* Recorded data

--*--

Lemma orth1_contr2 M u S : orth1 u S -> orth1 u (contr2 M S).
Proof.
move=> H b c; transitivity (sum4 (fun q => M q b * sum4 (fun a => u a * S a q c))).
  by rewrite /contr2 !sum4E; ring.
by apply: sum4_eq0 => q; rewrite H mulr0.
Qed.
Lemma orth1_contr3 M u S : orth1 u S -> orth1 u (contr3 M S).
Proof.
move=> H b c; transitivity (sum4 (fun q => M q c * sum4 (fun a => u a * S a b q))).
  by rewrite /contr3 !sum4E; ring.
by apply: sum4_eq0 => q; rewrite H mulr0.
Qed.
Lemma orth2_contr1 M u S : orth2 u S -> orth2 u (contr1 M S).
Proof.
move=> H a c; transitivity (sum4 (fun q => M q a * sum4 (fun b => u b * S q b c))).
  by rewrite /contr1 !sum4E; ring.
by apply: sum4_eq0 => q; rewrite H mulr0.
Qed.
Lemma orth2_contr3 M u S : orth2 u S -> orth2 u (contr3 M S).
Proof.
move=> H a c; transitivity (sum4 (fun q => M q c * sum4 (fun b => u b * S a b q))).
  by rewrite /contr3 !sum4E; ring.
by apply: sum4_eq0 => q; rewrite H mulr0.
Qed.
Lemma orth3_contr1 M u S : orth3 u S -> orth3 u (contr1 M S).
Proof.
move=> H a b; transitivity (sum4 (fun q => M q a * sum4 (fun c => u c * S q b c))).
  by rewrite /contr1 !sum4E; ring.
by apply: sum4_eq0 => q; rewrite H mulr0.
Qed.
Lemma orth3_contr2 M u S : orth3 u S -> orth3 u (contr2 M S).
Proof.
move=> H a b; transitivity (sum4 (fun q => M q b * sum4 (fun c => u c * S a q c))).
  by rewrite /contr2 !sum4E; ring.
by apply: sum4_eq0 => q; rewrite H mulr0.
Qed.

--*--

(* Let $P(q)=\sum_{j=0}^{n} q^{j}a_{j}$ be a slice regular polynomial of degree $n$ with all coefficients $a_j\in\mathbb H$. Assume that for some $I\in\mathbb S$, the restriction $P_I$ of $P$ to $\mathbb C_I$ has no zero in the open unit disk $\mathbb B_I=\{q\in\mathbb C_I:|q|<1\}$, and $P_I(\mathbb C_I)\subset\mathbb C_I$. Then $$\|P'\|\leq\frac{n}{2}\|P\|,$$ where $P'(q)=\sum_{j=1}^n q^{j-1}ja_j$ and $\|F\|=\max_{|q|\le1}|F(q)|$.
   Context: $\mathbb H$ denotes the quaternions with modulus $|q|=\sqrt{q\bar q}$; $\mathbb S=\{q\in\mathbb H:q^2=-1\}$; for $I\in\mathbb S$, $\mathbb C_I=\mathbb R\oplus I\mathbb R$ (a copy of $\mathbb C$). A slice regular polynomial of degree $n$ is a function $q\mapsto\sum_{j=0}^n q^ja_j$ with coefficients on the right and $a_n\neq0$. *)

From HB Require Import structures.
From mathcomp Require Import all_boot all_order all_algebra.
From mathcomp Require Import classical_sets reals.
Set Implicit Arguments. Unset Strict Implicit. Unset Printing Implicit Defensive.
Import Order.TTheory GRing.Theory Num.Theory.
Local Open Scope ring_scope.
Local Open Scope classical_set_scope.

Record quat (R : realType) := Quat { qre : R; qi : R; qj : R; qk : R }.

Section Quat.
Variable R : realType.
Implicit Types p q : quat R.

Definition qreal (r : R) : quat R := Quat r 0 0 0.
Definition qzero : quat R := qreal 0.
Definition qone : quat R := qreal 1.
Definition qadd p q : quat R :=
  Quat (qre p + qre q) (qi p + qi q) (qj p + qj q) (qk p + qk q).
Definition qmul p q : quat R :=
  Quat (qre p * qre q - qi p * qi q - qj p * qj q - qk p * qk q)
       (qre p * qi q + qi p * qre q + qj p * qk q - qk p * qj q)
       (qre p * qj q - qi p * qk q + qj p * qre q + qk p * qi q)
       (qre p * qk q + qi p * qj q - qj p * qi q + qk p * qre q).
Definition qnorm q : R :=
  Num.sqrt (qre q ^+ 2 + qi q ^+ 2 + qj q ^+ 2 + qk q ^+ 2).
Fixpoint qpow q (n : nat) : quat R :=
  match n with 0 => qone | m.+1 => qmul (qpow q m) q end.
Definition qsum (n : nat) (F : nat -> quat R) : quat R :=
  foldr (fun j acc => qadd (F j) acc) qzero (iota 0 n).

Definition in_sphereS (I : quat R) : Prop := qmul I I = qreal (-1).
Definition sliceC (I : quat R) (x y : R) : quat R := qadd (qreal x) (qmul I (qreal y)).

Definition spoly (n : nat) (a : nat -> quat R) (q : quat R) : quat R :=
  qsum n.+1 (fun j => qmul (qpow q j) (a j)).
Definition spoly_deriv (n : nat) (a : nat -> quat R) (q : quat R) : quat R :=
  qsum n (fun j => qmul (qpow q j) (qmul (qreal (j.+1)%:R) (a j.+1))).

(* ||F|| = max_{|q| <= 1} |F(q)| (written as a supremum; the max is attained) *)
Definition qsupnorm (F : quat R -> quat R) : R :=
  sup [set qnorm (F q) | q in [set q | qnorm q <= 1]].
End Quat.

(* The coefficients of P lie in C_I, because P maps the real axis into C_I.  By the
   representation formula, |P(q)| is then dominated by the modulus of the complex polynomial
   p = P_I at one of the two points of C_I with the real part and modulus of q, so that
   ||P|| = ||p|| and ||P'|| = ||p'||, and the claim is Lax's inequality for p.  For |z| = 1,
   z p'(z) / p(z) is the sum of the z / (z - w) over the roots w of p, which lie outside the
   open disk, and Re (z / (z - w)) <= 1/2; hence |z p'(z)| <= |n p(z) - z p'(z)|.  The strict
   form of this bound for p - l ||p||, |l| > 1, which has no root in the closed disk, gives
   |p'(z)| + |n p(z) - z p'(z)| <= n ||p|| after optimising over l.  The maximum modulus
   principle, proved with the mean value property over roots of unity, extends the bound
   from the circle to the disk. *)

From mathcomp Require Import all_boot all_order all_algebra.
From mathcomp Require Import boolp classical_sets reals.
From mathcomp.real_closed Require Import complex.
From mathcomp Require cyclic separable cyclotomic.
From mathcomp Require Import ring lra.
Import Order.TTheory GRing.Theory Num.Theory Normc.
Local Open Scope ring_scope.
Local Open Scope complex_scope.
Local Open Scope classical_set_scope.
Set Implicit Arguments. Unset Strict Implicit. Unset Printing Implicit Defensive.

--*--

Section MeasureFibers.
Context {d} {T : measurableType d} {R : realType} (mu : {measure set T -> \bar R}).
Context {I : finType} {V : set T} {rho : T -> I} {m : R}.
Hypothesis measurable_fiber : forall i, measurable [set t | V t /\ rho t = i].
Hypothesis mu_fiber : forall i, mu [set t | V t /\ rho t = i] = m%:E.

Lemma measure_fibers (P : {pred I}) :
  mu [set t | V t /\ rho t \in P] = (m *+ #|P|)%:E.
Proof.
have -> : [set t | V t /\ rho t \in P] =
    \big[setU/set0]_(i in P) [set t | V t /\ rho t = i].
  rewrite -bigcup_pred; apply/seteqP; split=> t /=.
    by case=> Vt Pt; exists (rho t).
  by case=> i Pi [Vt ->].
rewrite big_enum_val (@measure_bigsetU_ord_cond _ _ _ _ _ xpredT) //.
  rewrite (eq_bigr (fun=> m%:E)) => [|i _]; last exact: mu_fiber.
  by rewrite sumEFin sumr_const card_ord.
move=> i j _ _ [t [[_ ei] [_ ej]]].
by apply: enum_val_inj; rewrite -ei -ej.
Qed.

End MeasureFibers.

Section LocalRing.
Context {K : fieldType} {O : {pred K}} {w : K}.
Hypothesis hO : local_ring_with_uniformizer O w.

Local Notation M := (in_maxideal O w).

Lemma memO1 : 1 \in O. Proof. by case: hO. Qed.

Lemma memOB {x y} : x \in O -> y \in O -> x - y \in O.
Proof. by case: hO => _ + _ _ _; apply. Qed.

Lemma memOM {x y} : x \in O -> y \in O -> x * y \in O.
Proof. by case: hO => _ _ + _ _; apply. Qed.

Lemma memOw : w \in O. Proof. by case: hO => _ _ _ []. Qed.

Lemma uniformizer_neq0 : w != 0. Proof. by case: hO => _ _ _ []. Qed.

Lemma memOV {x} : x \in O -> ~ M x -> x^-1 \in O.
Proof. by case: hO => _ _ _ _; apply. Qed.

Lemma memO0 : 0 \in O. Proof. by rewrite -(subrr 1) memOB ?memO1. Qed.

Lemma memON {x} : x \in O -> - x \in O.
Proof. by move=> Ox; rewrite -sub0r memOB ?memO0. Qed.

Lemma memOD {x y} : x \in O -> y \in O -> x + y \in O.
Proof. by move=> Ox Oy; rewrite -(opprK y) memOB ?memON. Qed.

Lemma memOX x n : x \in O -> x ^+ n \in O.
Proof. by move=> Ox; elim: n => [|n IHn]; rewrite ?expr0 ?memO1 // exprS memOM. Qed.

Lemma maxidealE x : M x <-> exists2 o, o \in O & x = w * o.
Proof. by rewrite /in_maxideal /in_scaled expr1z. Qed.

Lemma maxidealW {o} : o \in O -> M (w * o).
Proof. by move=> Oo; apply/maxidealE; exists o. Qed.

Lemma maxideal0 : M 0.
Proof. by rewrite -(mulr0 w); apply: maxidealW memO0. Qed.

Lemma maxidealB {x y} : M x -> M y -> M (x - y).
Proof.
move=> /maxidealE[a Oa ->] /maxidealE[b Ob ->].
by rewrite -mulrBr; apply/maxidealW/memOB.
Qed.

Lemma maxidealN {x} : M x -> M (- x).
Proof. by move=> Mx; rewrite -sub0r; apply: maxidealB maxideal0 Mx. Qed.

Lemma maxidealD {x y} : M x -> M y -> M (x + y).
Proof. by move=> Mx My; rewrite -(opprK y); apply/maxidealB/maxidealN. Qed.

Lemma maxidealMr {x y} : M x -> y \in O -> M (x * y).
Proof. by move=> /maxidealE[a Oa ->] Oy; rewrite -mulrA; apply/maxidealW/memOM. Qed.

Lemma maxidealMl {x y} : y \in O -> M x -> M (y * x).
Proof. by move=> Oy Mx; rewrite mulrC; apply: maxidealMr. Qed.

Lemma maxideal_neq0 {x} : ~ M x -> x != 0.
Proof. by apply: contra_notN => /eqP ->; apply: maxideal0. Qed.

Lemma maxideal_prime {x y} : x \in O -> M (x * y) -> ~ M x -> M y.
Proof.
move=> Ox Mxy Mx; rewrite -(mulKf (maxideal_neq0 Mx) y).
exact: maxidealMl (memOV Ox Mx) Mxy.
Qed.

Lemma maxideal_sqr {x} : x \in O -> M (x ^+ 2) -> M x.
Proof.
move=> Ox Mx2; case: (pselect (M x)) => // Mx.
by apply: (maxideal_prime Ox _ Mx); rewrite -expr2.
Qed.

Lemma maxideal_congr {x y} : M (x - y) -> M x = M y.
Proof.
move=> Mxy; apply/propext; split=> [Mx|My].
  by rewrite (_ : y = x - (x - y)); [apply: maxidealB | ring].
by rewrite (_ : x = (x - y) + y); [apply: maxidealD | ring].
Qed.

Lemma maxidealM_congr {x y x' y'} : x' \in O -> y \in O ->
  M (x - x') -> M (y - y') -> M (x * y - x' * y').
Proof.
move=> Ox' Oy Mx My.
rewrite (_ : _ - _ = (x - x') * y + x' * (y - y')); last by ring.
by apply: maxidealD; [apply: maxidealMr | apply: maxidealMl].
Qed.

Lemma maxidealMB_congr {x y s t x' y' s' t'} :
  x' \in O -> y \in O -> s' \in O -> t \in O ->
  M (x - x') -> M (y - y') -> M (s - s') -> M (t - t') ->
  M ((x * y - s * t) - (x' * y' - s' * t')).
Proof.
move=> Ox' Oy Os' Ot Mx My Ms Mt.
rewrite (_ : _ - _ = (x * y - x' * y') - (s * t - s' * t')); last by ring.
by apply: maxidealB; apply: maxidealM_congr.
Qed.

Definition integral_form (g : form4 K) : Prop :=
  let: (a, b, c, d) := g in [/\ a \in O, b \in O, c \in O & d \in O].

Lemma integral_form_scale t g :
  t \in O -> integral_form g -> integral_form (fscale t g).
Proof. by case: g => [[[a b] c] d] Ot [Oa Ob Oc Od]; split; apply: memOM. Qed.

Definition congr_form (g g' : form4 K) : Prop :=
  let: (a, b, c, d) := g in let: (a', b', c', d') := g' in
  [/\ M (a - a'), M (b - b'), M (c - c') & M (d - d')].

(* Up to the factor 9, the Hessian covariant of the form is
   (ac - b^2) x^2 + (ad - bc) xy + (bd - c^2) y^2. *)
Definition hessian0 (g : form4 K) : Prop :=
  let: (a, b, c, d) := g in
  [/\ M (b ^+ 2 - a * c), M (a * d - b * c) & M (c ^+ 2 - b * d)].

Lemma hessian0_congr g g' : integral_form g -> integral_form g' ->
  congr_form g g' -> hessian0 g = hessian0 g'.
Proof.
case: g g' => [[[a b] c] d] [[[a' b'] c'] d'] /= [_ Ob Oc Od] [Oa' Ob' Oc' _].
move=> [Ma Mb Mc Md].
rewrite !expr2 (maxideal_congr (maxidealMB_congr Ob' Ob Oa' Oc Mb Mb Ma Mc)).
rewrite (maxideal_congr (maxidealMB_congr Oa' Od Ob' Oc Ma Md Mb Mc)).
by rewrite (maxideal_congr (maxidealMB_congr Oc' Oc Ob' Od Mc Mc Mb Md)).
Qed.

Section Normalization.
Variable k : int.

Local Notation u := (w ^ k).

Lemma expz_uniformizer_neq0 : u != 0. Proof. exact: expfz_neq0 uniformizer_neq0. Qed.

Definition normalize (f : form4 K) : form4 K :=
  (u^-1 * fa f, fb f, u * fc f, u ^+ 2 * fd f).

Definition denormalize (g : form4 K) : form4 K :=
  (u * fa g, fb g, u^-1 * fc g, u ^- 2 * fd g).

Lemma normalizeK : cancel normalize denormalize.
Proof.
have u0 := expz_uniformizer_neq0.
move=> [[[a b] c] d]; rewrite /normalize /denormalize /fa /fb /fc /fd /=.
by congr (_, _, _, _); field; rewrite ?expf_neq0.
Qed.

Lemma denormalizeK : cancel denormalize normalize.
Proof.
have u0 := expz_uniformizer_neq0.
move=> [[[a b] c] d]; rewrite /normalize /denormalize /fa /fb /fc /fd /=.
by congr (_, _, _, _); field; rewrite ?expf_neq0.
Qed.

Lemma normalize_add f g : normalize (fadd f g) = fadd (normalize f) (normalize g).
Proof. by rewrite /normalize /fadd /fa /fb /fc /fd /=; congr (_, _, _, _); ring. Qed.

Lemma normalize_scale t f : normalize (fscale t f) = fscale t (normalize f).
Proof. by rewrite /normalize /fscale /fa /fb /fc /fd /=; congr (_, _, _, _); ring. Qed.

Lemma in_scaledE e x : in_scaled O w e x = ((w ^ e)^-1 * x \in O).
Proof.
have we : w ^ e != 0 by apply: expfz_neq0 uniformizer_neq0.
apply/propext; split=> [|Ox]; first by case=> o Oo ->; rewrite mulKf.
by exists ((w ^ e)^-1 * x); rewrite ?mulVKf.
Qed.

--*--

* Exercise aim
All lines above from the line with "set T -> \bar" through the line with "Proof. by rewrite /in_maxideal", both included, are to be set down exactly, with nothing else.

* Exercise result
Context {d} {T : measurableType d} {R : realType} (mu : {measure set T -> \bar R}).
Context {I : finType} {V : set T} {rho : T -> I} {m : R}.
Hypothesis measurable_fiber : forall i, measurable [set t | V t /\ rho t = i].
Hypothesis mu_fiber : forall i, mu [set t | V t /\ rho t = i] = m%:E.

Lemma measure_fibers (P : {pred I}) :
  mu [set t | V t /\ rho t \in P] = (m *+ #|P|)%:E.
Proof.
have -> : [set t | V t /\ rho t \in P] =
    \big[setU/set0]_(i in P) [set t | V t /\ rho t = i].
  rewrite -bigcup_pred; apply/seteqP; split=> t /=.
    by case=> Vt Pt; exists (rho t).
  by case=> i Pi [Vt ->].
rewrite big_enum_val (@measure_bigsetU_ord_cond _ _ _ _ _ xpredT) //.
  rewrite (eq_bigr (fun=> m%:E)) => [|i _]; last exact: mu_fiber.
  by rewrite sumEFin sumr_const card_ord.
move=> i j _ _ [t [[_ ei] [_ ej]]].
by apply: enum_val_inj; rewrite -ei -ej.
Qed.

End MeasureFibers.

Section LocalRing.
Context {K : fieldType} {O : {pred K}} {w : K}.
Hypothesis hO : local_ring_with_uniformizer O w.

Local Notation M := (in_maxideal O w).

Lemma memO1 : 1 \in O. Proof. by case: hO. Qed.

Lemma memOB {x y} : x \in O -> y \in O -> x - y \in O.
Proof. by case: hO => _ + _ _ _; apply. Qed.

Lemma memOM {x y} : x \in O -> y \in O -> x * y \in O.
Proof. by case: hO => _ _ + _ _; apply. Qed.

Lemma memOw : w \in O. Proof. by case: hO => _ _ _ []. Qed.

Lemma uniformizer_neq0 : w != 0. Proof. by case: hO => _ _ _ []. Qed.

Lemma memOV {x} : x \in O -> ~ M x -> x^-1 \in O.
Proof. by case: hO => _ _ _ _; apply. Qed.

Lemma memO0 : 0 \in O. Proof. by rewrite -(subrr 1) memOB ?memO1. Qed.

Lemma memON {x} : x \in O -> - x \in O.
Proof. by move=> Ox; rewrite -sub0r memOB ?memO0. Qed.

Lemma memOD {x y} : x \in O -> y \in O -> x + y \in O.
Proof. by move=> Ox Oy; rewrite -(opprK y) memOB ?memON. Qed.

Lemma memOX x n : x \in O -> x ^+ n \in O.
Proof. by move=> Ox; elim: n => [|n IHn]; rewrite ?expr0 ?memO1 // exprS memOM. Qed.

Lemma maxidealE x : M x <-> exists2 o, o \in O & x = w * o.
Proof. by rewrite /in_maxideal /in_scaled expr1z. Qed.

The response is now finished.